Speaker 21 So let's go watch it right now.

Speaker 15 My guest tonight is a Grammy Award-winning musician. You know her from Alabama Shakespeare.
Her debut solo album is called Jamie. Please welcome Brittany Howard.

Speaker 15 Welcome, welcome, welcome to the show.

Speaker 22 Thank you for having me.

Speaker 15 It is truly such a great honor to have you here.

Speaker 15 Not just because I'm a fan of your music, because I'm a fan of how much people are a fan of your music, which sounds like a weird thing.

Speaker 15 But I always love artists that just get people excited wherever they go. Like, have you ever wondered why people love everything you do just beyond the music?

Speaker 22 Well, I like to think I'm just who I am. I'm not putting on any false fronts, and I'm coming up here and just trying to make people feel more comfortable about being who they are and to embrace that.

Speaker 22 And I feel like that's kind of the best thing I can do right now at this moment in time.

Speaker 15 It's just be yourself. Just be myself.

Speaker 15 Thank you.

Speaker 15 And

Speaker 15 being yourself has been really good, you know.

Speaker 15 You have a bunch of Grammys with Alabama Shakes and now with your debut solo album, two Grammy nominations.

Speaker 11 Congratulations. Thank you.

Speaker 11 Thank you. Thank you.
It's been wild. It's been a wild ride.

Speaker 22 You know, I used to work for the post office. I used to work for a Cracker Birl.
I used to work for Shonys. I don't know if y'all know what that is.

Speaker 22 I've had so many jobs and in the back of my mind, I was like, but I'll always do music and I'll always love music, but this might be the best I get for now.

Speaker 22 But I still still got that dream and then being here on a show this is the first time I've ever spoken on the show

Speaker 15 that's wild that's wild having grandma's that's wild it is wild it's crazy you've been on a wild journey and and and it is a scary step to take because you know Alabama Shakes is really successful because they're headlining festivals and you you know you you're selling out smash concerts and and then you go out and you and you create a solo album which is a terrifying stage for any musician to take in their career, you know, to move to that next stage.

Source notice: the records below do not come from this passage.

(* Put mass s uniformly on k points and update on them: some point keeps posterior mass at most
   1/k, so the posterior of the other k - 1 points is at least 1 - 1/k >= p, hence updatable by
   upward closure, and composing the two updates (P3) removes mass s/k from the prior. *)
Lemma updatable_mass_shrink p s k :
  updatable_mass p -> (2 <= k)%nat -> p <= 1 - 1 / INR k ->
  updatable_mass s -> updatable_mass (s * (1 - 1 / INR k)).
Proof.
  intros hp hk hpk hs0.
  destruct (updatable_mass_range s hs0) as [hs hs1].
  assert (hK : 0 < INR k) by (apply lt_0_INR; lia).
  set (w i := if emi (i < k)%nat then s / INR k else if emi (i = k) then 1 - s else 0).
  assert (hw : forall i, 0 <= w i).
  { intro i; unfold w; destruct_emi; [apply Rle_mult_inv_pos| |]; lra. }
  assert (hmass : fsum k (fun i => if emi (i < k)%nat then w i else 0) = s).
  { rewrite (fsum_ext k _ (fun _ => s / INR k)), fsum_const; [field; lra|].
    intros i hi; unfold w; destruct_emi; reflexivity || lia. }
  assert (hsum : fsum (S k) w = 1).
  { simpl; rewrite (fsum_ext k w (fun _ => s / INR k)), fsum_const.
    - unfold w; destruct_emi; [lia | field; lra | tauto].
    - intros i hi; unfold w; destruct_emi; reflexivity || lia. }
  set (nu := weighted w (S k) hw hsum).
  set (D := ev_of (fun i : nat => (i < k)%nat)).
  assert (hD : pr nu D = s).
  { unfold pr; simpl; unfold weighted_pr; simpl. rewrite hmass.
    destruct (emi _); [lia | lra]. }
  assert (hpoint : forall j, (j < k)%nat -> pr nu (ev_of (fun i => i = j)) = s / INR k).
  { intros j hj. unfold pr; simpl; unfold weighted_pr; cbn [proj1_sig ev_of].
    rewrite fsum_single by lia. unfold w; destruct_emi; reflexivity || lia. }
  assert (hnuD : updatable nu D).
  { apply updatable_iff_mass; [exists 0%nat | exists k | rewrite hD; exact hs0];
      unfold D; simpl; lia. }
  destruct hnuD as [Q hQ].
  destruct (exists_light_point Q k ltac:(lia) (h1 _ _ _ _ hQ)) as [j [hjk hQj]].
  set (C := ev_of (fun i : nat => (i < k)%nat /\ i <> j)).
  assert (hsplit : forall R0 : ProbSet nat_space,
             pr R0 D = pr R0 (ev_inter nat_space D C) + pr R0 (ev_of (fun i => i = j))).
  { intro R0; apply pr_union; simpl.
    - intro i; destruct (Nat.eq_dec i j); intuition lia.
    - intros i [_ [_ ne]] e; contradiction. }
  assert (hQC : updatable Q C).
  { apply updatable_iff_mass.
    - destruct (Nat.eq_dec j 0) as [->|]; [exists 1%nat | exists 0%nat]; unfold C; simpl; lia.
    - exists k; unfold C; simpl; lia.
    - apply (updatable_mass_up p); [exact hp | | apply pr_le1].
      assert (pr Q C = pr Q (ev_inter nat_space D C))
        by (apply pr_ext; simpl; intro i; tauto).
      specialize (hsplit Q); rewrite (h1 _ _ _ _ hQ) in hsplit; lra. }
  replace (s * (1 - 1 / INR k)) with (pr nu (ev_inter nat_space D C)).
  - apply updatable_iff_mass.
    + destruct (Nat.eq_dec j 0) as [->|]; [exists 1%nat | exists 0%nat];
        unfold D, C; simpl; lia.
    + exists k; unfold D; simpl; lia.
    + exact (updatable_inter_of_update nu Q D C hQ hQC).
  - specialize (hsplit nu); rewrite hD, hpoint in hsplit by exact hjk.
    replace (s * (1 - 1 / INR k)) with (s - s / INR k) by (field; lra); lra.
Qed.

(* Iterating the shrinking step with s := p r^n, r := 1 - 1/N >= p, drives the mass to 0. *)
Lemma updatable_mass_all p e :
  updatable_mass p -> p < 1 -> 0 < e <= 1 -> updatable_mass e.
Proof.
  intros hp hp1 he.
  destruct (updatable_mass_range p hp) as [hp0 _].
  destruct (archimed_cor1 (1 - p) ltac:(lra)) as [N [hN hN0]].
  assert (hN2 : (2 <= N)%nat).
  { destruct (Nat.eq_dec N 1) as [->|]; [simpl in hN; lra | lia]. }
  set (r := 1 - 1 / INR N).
  assert (hpr : p <= r) by (unfold r, Rdiv; lra).
  assert (hr1 : r < 1).
  { enough (0 < 1 / INR N) by (unfold r; lra).
    unfold Rdiv; rewrite Rmult_1_l; apply Rinv_0_lt_compat, lt_0_INR; exact hN0. }
  assert (hiter : forall n, updatable_mass (p * r ^ n)).
  { induction n as [|n IH]; [rewrite Rmult_1_r; exact hp|].
    replace (p * r ^ S n) with (p * r ^ n * r) by (simpl; ring).
    exact (updatable_mass_shrink p _ N hp hN2 hpr IH). }
  destruct (pow_lt_1_zero r ltac:(rewrite Rabs_pos_eq; lra) e (proj1 he)) as [n hn].
  specialize (hn n (le_n n)). rewrite Rabs_pos_eq in hn by (apply pow_le; lra).
  apply (updatable_mass_up (p * r ^ n)); [apply hiter | | apply he].
  assert (0 <= r ^ n) by (apply pow_le; lra). nra.
Qed.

Speaker 15 The stories that you write, you know, in the music and the songs and what you're talking about is truly one of the most personal experiences I've heard in songs that you've been on.

Speaker 15 You know, for instance, the song Goathead

Speaker 15 is a story of your mom and dad and how, as an interracial couple, People did not want them to exist. Could you tell the audience what Goathead is inspired by?

Speaker 22 Yeah, Goathead is a story.

Speaker 22 This song started as a story that my mother told me when I was around 14 years old.

Speaker 22 I grew up and I was very lucky to have the ignorance that my mother's white, my father's black, and we all get along for the most part and we love each other.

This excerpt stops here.